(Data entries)
● ● ● ●

Lemma bilinP (f : V -> V -> W) :
  (forall y, linear (fun x => f x y)) -> (forall x, linear (fun y => f x y)) -> bilin f.
Proof. by []. Qed.

Lemma trilinP (f : V -> V -> V -> W) :
  (forall y z, linear (fun x => f x y z)) -> (forall x z, linear (fun y => f x y z)) ->
  (forall x y, linear (fun z => f x y z)) -> trilin f.
Proof. by []. Qed.

Lemma quadlinP (f : V -> V -> V -> V -> W) :
  (forall y z w, linear (fun x => f x y z w)) -> (forall x z w, linear (fun y => f x y z w)) ->
  (forall x y w, linear (fun z => f x y z w)) -> (forall x y z, linear (fun w => f x y z w)) ->
  quadlin f.
Proof. by []. Qed.

Lemma bilin_linearl (f : V -> V -> W) y : bilin f -> linear (fun x => f x y).
Proof. by case=> h _; apply: h. Qed.
Lemma bilin_linearr (f : V -> V -> W) x : bilin f -> linear (fun y => f x y).
Proof. by case=> _ h; apply: h. Qed.
Lemma trilin_linear1 (f : V -> V -> V -> W) y z : trilin f -> linear (fun x => f x y z).
Proof. by case=> h _; apply: h. Qed.
Lemma trilin_linear2 (f : V -> V -> V -> W) x z : trilin f -> linear (fun y => f x y z).
Proof. by case=> _ [h _]; apply: h. Qed.
Lemma trilin_linear3 (f : V -> V -> V -> W) x y : trilin f -> linear (fun z => f x y z).
Proof. by case=> _ [_ h]; apply: h. Qed.
Lemma quadlin_linear1 (f : V -> V -> V -> V -> W) y z w : quadlin f -> linear (fun x => f x y z w).
Proof. by case=> h _; apply: h. Qed.
Lemma quadlin_linear2 (f : V -> V -> V -> V -> W) x z w : quadlin f -> linear (fun y => f x y z w).
Proof. by case=> _ [h _]; apply: h. Qed.
Lemma quadlin_linear3 (f : V -> V -> V -> V -> W) x y w : quadlin f -> linear (fun z => f x y z w).
Proof. by case=> _ [_ [h _]]; apply: h. Qed.
Lemma quadlin_linear4 (f : V -> V -> V -> V -> W) x y z : quadlin f -> linear (fun w => f x y z w).
Proof. by case=> _ [_ [_ h]]; apply: h. Qed.
End Linear.

Lemma idempotent_rinv_eq1 (A : pzRingType) (e x : A) : e * e = e -> e * x = 1 -> e = 1.
Proof. by move=> ee ex; rewrite -ex -[in RHS]ee -mulrA ex mulr1. Qed.
(* For xi = (a, b) with a b != 0, the images of r^3, r^2 s and s^3 under
   pi_{1,2} P_xi already span a 3-dimensional space, whose annihilator consists
   of the linear forms p |-> y . (grad p)(xi / 2) on S_1 (+) S_2, y in R^2.  So
   the sum is all of S_1 (+) S_2 as soon as two of the gradients of f, g, h at
   xi / 2 are independent, i.e. one of their Jacobian determinants is nonzero
   there.  If the three Jacobians vanished identically, the linear parts of
   f, g, h would be pairwise proportional, and so would their quadratic parts;
   then f, g, h would span at most a plane.  Hence the exceptional set lies in
   the zero set of a nonzero polynomial in xi, and that zero set is null since
   almost all of its vertical sections are finite. *)

Set Implicit Arguments.
Unset Strict Implicit.
Unset Printing Implicit Defensive.
Import Order.TTheory GRing.Theory Num.Theory.
Local Open Scope ring_scope.
Local Open Scope classical_set_scope.

Section LinearAlgebra.
Variable K : fieldType.

Lemma det2_ker0 (u1 u2 v1 v2 y z : K) : u1 * v2 - u2 * v1 != 0 ->
  u1 * y + u2 * z = 0 -> v1 * y + v2 * z = 0 -> y = 0 /\ z = 0.
Proof.
move=> det_neq0 Eu Ev; split; apply: (mulIf det_neq0); rewrite mul0r.
- transitivity (v2 * (u1 * y + u2 * z) - u2 * (v1 * y + v2 * z)); first ring.
  by rewrite Eu Ev !mulr0 subrr.
- transitivity (u1 * (v1 * y + v2 * z) - v1 * (u1 * y + u2 * z)); first ring.
  by rewrite Eu Ev !mulr0 subrr.
Qed.
Lemma D_prod (F : functional) (A : {set E}) (f : E -> bool -> R) k w :
  (forall w, F w = \prod_(j in A) f j (w j)) ->
  D p k F w = s * (k \in A)%:R * (f k true - f k false) * \prod_(j in A :\ k) f j (w j).
Proof. by move=> F_prod; rewrite /D !F_prod !prod_setk; case: (k \in A) => /=; ring. Qed.

Lemma D_centered (F : functional) k w : D p k (centered p F) w = D p k F w.
Proof. by rewrite /D /centered; ring. Qed.

Lemma D_BA (A : {set E}) k w : D p k (BA R A) w = s * (k \in A)%:R * BA R (A :\ k) w.
Proof.
rewrite (@D_prod _ A (fun _ b => b%:R)) => [|w']; last exact: BA_prod.
by rewrite -BA_prod /= subr0 mulr1.
Qed.

Lemma D_YA (a : {set E}) k w : D p k (YA p a) w = (k \in a)%:R * YA p (a :\ k) w.
Proof.
rewrite (@D_prod _ a (fun _ => yv)) => [|w']; last exact: YA_prod.
by rewrite -YA_prod (mulrAC s) yv_jump mul1r.
Qed.

Lemma oppD_Linv (F : functional) k w :
  - D p k (Linv p F) w =
  \sum_(a : {set E} | k \in a) chaos_coef p F a / #|a|%:R * YA p (a :\ k) w.
Proof.
rewrite /D /Linv -mulrN opprB opprK addrC -sumrB big_distrr /=.
rewrite big_mkcond [RHS]big_mkcond; apply: eq_bigr => a _ /=.
rewrite -mulrBr mulrCA.
rewrite (_ : s * (YA p a (setk w k true) - YA p a (setk w k false)) = D p k (YA p a) w) //.
rewrite D_YA; case: (eqVneq a set0) => [->|_]; first by rewrite in_set0.
by case: (k \in a); rewrite /= ?mul1r ?mul0r ?mulr0.
Qed.

Lemma BA_expansion (A : {set E}) w :
  BA R A w = \sum_(a : {set E} | a \subset A) s ^+ #|a| * p ^+ (#|A| - #|a|) * YA p a w.
Proof.
rewrite BA_prod (eq_bigr (fun j => s * yv (w j) + p)) => [|j _]; last first.
  by rewrite /yv mulVKf ?sqrt_pq_neq0 // subrK.
rewrite prodrD_subsets; apply: eq_bigr => a sub_aA.
by rewrite big_split /= !prodr_const cardsDS // -YA_prod mulrAC.
Qed.

Lemma chaos_coef_centered_BA (A a : {set E}) : a != set0 ->
  chaos_coef p (centered p (BA R A)) a =
  if a \subset A then s ^+ #|a| * p ^+ (#|A| - #|a|) else 0.
Proof.
move=> a_neq0; rewrite (@chaos_coefE _
  (fun b => if b \subset A then s ^+ #|b| * p ^+ (#|A| - #|b|) else 0)) //.
apply: is_chaos_coef_centered => w.
rewrite BA_expansion big_mkcond; apply: eq_bigr => b _.
by case: ifP; rewrite ?mul0r.
Qed.

Lemma oppD_Linv_centered_BA_YA (A : {set E}) k w :
  - D p k (Linv p (centered p (BA R A))) w =
  \sum_(a : {set E} | (k \in a) && (a \subset A))
     s ^+ #|a| * p ^+ (#|A| - #|a|) / #|a|%:R * YA p (a :\ k) w.
Proof.
rewrite oppD_Linv [RHS]big_mkcondr /=; apply: eq_bigr => a ka.
rewrite chaos_coef_centered_BA; last by apply/set0Pn; exists k.
by case: ifP; rewrite ?mul0r.
Qed.

Lemma sum_weighted_BA (D0 : {set E}) w :
  \sum_(b : {set E} | b \subset D0)
     p ^+ (#|D0| - #|b|) / (#|D0|.+1%:R * 'C(#|D0|, #|b|)%:R) * BA R b w =
  \sum_(c : {set E} | c \subset D0)
     s ^+ #|c| * p ^+ (#|D0| - #|c|) / #|c|.+1%:R * YA p c w.
Proof.
under eq_bigr do rewrite BA_expansion big_distrr /=.
rewrite (exchange_big_dep (fun c : {set E} => c \subset D0)) /=; last first.
  by move=> b c sub_bD sub_cb; apply: subset_trans sub_cb sub_bD.
apply: eq_bigr => c sub_cD.
rewrite -(sum_supsets_inv_bin _ sub_cD) mulr_sumr mulr_suml.
apply: eq_big => [b|b /andP[sub_bD sub_cb]]; first by rewrite andbC.
have := subset_leq_card sub_bD; have := subset_leq_card sub_cb => le_cb le_bD.
have -> : (#|D0| - #|c| = (#|D0| - #|b|) + (#|b| - #|c|))%N.
  by rewrite addnBA // subnK.
by rewrite exprD; ring.
Qed.
(* Let $\sigma$ be a completely erasing $k$-block substitution with $w_\epsilon\ne1^k$ that satisfies the optimality condition. Suppose the vanishing order satisfies $$\lim_{|w|\to\infty}\frac{|w|}{\epsilon(w)}=\infty,$$ meaning that for every $M>0$ there is $N$ such that $|w|/\epsilon(w)>M$ for all $w\in\{0,1\}^*$ with $|w|>N$. Then $f_\sigma$ has infinite topological entropy.
   Context: Notation: $\mathbb I=[0,1]$. $\{0,1\}^*$ and $\{0,1\}^\omega$ denote finite and infinite binary words, and $\epsilon$ is the empty word. For a word $w$, set $0.w=\sum_iw_i2^{-i}$. For $x\in(0,1]$, $\widetilde x$ is the unique infinite binary expansion of $x$ not ending in $0^\infty$. Fix $k\ge2$. An erasing $k$-block substitution is a map $\sigma:\{0,1\}^k\to\{0,1\}^*$ with exactly one block $w_\epsilon$ such that $\sigma(w_\epsilon)=\epsilon$. $\sigma$ is alternating if there are $\sigma_1,\dots,\sigma_k:\{0,1\}\to\{0,1\}^*$ with $\sigma(b_1\cdots b_k)=\sigma_1(b_1)\cdots\sigma_k(b_k)$. It is then extended to all finite or infinite words by $\sigma(u)=\prod_j\sigma_{((j-1)\bmod k)+1}(u_j)$. $\sigma$ is completely erasing if it is erasing and alternating, and every $w\in\{0,1\}^*$ satisfies $\sigma^n(w)=\epsilon$ for some $n\in\mathbb N$. The least such $n$ is the vanishing order $\epsilon(w)$. The map $f_\sigma:\mathbb I\to\mathbb I$ is defined by $f_\sigma(x)=0.\sigma(\widetilde x)$ if $x\in(0,1]$ and $\widetilde x\neq w_\epsilon^\infty$, and $f_\sigma(x)=0$ otherwise. Optimality condition: every $w\in\{0,1\}^\omega$ can be written as $w=\prod_{i\ge1}\sigma(b_i)$ with blocks $b_i\in\{0,1\}^k$ satisfying $\sigma(b_i)\ne\epsilon$. Topological entropy (Bowen–Dinaburg, for a possibly discontinuous $f$): let $d_n(x,y)=\max_{0\le i\le n}|f^i(x)-f^i(y)|$. A set $S$ is $(n,\delta)$-separated if $d_n(x,y)\ge\delta$ for all distinct $x,y\in S$. Let $s(n,\delta)$ be the maximal cardinality of an $(n,\delta)$-separated subset of $\mathbb I$. Then $h(f)=\lim_{\delta\to0}\limsup_{n\to\infty}\frac1n\log s(n,\delta)$. *)

From HB Require Import structures.
From mathcomp Require Import all_boot all_order all_algebra.
From mathcomp Require Import all_classical all_reals all_analysis.
Set Implicit Arguments. Unset Strict Implicit. Unset Printing Implicit Defensive.
Import Order.TTheory GRing.Theory Num.Theory.
Import numFieldNormedType.Exports.
Local Open Scope classical_set_scope.
Local Open Scope ring_scope.

Section Defs.
Variable R : realType.

(* finite binary words are [seq bool]; infinite binary words are [nat -> bool]
   (0-indexed: letter w_{i+1} of the paper is [w i]). *)

Definition binval (w : seq bool) : R :=
  \sum_(i < size w) (nth false w i)%:R / 2 ^+ i.+1.

Definition nonterm_expansion (x : R) (u : nat -> bool) : Prop :=
  (forall N, exists2 n, (N <= n)%N & u n) /\
  (fun m => \sum_(i < m) (u i)%:R / 2 ^+ i.+1 : R) @ \oo --> x.

(* x~ : the (unique, for x in (0,1]) such expansion, chosen classically *)
Definition tilde (x : R) : nat -> bool :=
  xget (fun _ => false) [set u | nonterm_expansion x u].

(* An alternating k-block substitution is given by its components
   sigma_1, ..., sigma_k, here [sig 0, ..., sig (k-1)] (indices >= k unused). *)
Definition subst_word (k : nat) (sig : nat -> bool -> seq bool) (u : seq bool)
  : seq bool :=
  flatten [seq sig (j %% k)%N (nth false u j) | j <- iota 0 (size u)].

Definition subst_chunks (k : nat) (sig : nat -> bool -> seq bool)
  (u : nat -> bool) (j : nat) : seq bool := sig (j %% k)%N (u j).

Definition ocat (c : nat -> seq bool) (m : nat) : seq bool :=
  flatten [seq c j | j <- iota 0 m].

Definition binval_cat (c : nat -> seq bool) : R :=
  limn (fun m => binval (ocat c m) : R).

Definition erasing_with (k : nat) (sig : nat -> bool -> seq bool)
  (weps : seq bool) : Prop :=
  size weps = k /\ subst_word k sig weps = [::] /\
  (forall b, size b = k -> subst_word k sig b = [::] -> b = weps).

Definition completely_erasing (k : nat) (sig : nat -> bool -> seq bool)
  (weps : seq bool) : Prop :=
  erasing_with k sig weps /\
  forall w : seq bool, exists n, iter n (subst_word k sig) w = [::].

Definition vanishing_order (k : nat) (sig : nat -> bool -> seq bool)
  (w : seq bool) (n : nat) : Prop :=
  iter n (subst_word k sig) w = [::] /\
  forall m, iter m (subst_word k sig) w = [::] -> (n <= m)%N.

Definition cat_is (c : nat -> seq bool) (w : nat -> bool) : Prop :=
  forall m j, (j < size (ocat c m))%N -> nth false (ocat c m) j = w j.

Definition optimality (k : nat) (sig : nat -> bool -> seq bool) : Prop :=
  forall w : nat -> bool, exists b : nat -> seq bool,
    (forall i, size (b i) = k /\ subst_word k sig (b i) != [::]) /\
    cat_is (fun i => subst_word k sig (b i)) w.

Definition periodic (k : nat) (weps : seq bool) : nat -> bool :=
  fun j => nth false weps (j %% k)%N.

Definition f_sigma (k : nat) (sig : nat -> bool -> seq bool)
  (weps : seq bool) (x : R) : R :=
  if `[< 0 < x <= 1 /\ tilde x <> periodic k weps >]
  then binval_cat (subst_chunks k sig (tilde x))
  else 0.

Definition dist_n (f : R -> R) (n : nat) (x y : R) : R :=
  \big[Num.max/0]_(i < n.+1) `|iter i f x - iter i f y|.

Definition separated (f : R -> R) (n : nat) (delta : R) (S : seq R) : Prop :=
  uniq S /\ (forall x, x \in S -> 0 <= x <= 1) /\
  (forall x y, x \in S -> y \in S -> x != y -> delta <= dist_n f n x y).

Definition sep_card (f : R -> R) (n : nat) (delta : R) : R :=
  sup [set (size S)%:R | S in [set S | separated f n delta S]].

Definition entropy_delta (f : R -> R) (delta : R) : \bar R :=
  limn_esup (fun n => (ln (sep_card f n delta) / n%:R)%:E).

Definition top_entropy (f : R -> R) : \bar R :=
  lim (entropy_delta f @ 0^'+).

End Defs.

From Pilot Require Import Defs.
From HB Require Import structures.
From mathcomp Require Import all_boot all_order all_algebra.
From mathcomp Require Import all_classical all_reals all_analysis.
From mathcomp Require Import ring lra zify.
Set Implicit Arguments. Unset Strict Implicit. Unset Printing Implicit Defensive.
Import Order.TTheory GRing.Theory Num.Theory.
Import numFieldNormedType.Exports.

(* Points of (0,1] are identified with their nonterminating binary expansions;
   on the values of aperiodic words, f_sigma acts as the substitution sigma.
   Optimality lets us pull an aperiodic word back through sigma while
   prescribing any finite prefix u (the image then starts with sigma(u)).
   Complete erasure makes every finite word vanish, so prescribing words
   W_0, ..., W_{m-1} that vanish after T steps, we find one aperiodic word
   whose image after j T steps starts with W_j ("horseshoe").  Taking for
   the W_j the 2^l words p_0 0 p_1 0 ... p_{l-1} 0 gives 2^(l m) points that
   are (m T, 2^-2l)-separated, hence entropy at least (l / T) ln 2 at small
   scales; the growth hypothesis on vanishing orders makes l / T arbitrarily
   large.  The file develops, in order: finite and infinite words, preimages
   and the horseshoe, values of words and the action of f_sigma, separated
   sets and entropy, the cylinder words, and finally the theorem. *)

Lemma ocatS (c : nat -> seq bool) m : ocat c m.+1 = ocat c m ++ c m.
Proof. by rewrite /ocat -addn1 iotaD map_cat flatten_cat /= cats0. Qed.

Lemma ocatD (c : nat -> seq bool) m n :
  ocat c (m + n) = ocat c m ++ ocat (fun j => c (m + j)) n.
Proof.
elim: n => [|n IH]; first by rewrite addn0 /ocat /= cats0.
by rewrite addnS !ocatS IH catA.
Qed.

Lemma ocat_ext (c c' : nat -> seq bool) m :
  (forall j, (j < m)%N -> c j = c' j) -> ocat c m = ocat c' m.
Proof.
elim: m => [|m IH] H //; rewrite !ocatS IH ?H // => j Hj; apply: H; lia.
Qed.

Lemma ocat_nil (c : nat -> seq bool) m :
  (forall j, (j < m)%N -> c j = [::]) -> ocat c m = [::].
Proof.
move=> H; rewrite (@ocat_ext c (fun=> [::])) //.
by elim: m {H} => // m IH; rewrite ocatS IH.
Qed.

Lemma ocat_nil_chunk (c : nat -> seq bool) m j :
  (j < m)%N -> ocat c m = [::] -> c j = [::].
Proof.
move=> Hj; rewrite -(subnKC Hj) ocatD ocatS -catA.
by case: (ocat c j) => //; case: (c j).
Qed.

Lemma size_ocat_mono (c : nat -> seq bool) m m' :
  (m <= m')%N -> (size (ocat c m) <= size (ocat c m'))%N.
Proof. by move=> H; rewrite -(subnKC H) ocatD size_cat leq_addr. Qed.

Lemma nth_ocat_mono (c : nat -> seq bool) m m' j :
  (m <= m')%N -> (j < size (ocat c m))%N ->
  nth false (ocat c m') j = nth false (ocat c m) j.
Proof. by move=> H Hj; rewrite -(subnKC H) ocatD nth_cat Hj. Qed.

Lemma size_ocat_nonempty (c : nat -> seq bool) m :
  (forall i, c i != [::]) -> (m <= size (ocat c m))%N.
Proof.
move=> H; elim: m => [|m IH] //; rewrite ocatS size_cat -addn1 leq_add //.
by rewrite lt0n size_eq0.
Qed.

Lemma subst_word_ocat k sig u :
  subst_word k sig u = ocat (fun j => sig (j %% k)%N (nth false u j)) (size u).
Proof. by []. Qed.

Lemma flatten_nseqS (B : seq bool) t :
  flatten (nseq t.+1 B) = flatten (nseq t B) ++ B.
Proof. by elim: t => [|t IH]; rewrite /= ?cats0 // -catA -IH. Qed.

Lemma size_flatten_nseq (B : seq bool) t :
  size (flatten (nseq t B)) = (t * size B)%N.
Proof. by elim: t => [|t IH] //=; rewrite size_cat IH mulSn. Qed.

● ● ● ●

- _Problem to solve_:
Beginning at the line with "have -> : (#|D0|" and stopping after the line with "(* Let $\sigma$", please write out every line of the data above exactly and nothing else.

- _Response for this exercise_:
have -> : (#|D0| - #|c| = (#|D0| - #|b|) + (#|b| - #|c|))%N.
  by rewrite addnBA // subnK.
by rewrite exprD; ring.
Qed.
(* Let $\sigma$ be a completely erasing $k$-block substitution with $w_\epsilon\ne1^k$ that satisfies the optimality condition. Suppose the vanishing order satisfies $$\lim_{|w|\to\infty}\frac{|w|}{\epsilon(w)}=\infty,$$ meaning that for every $M>0$ there is $N$ such that $|w|/\epsilon(w)>M$ for all $w\in\{0,1\}^*$ with $|w|>N$. Then $f_\sigma$ has infinite topological entropy.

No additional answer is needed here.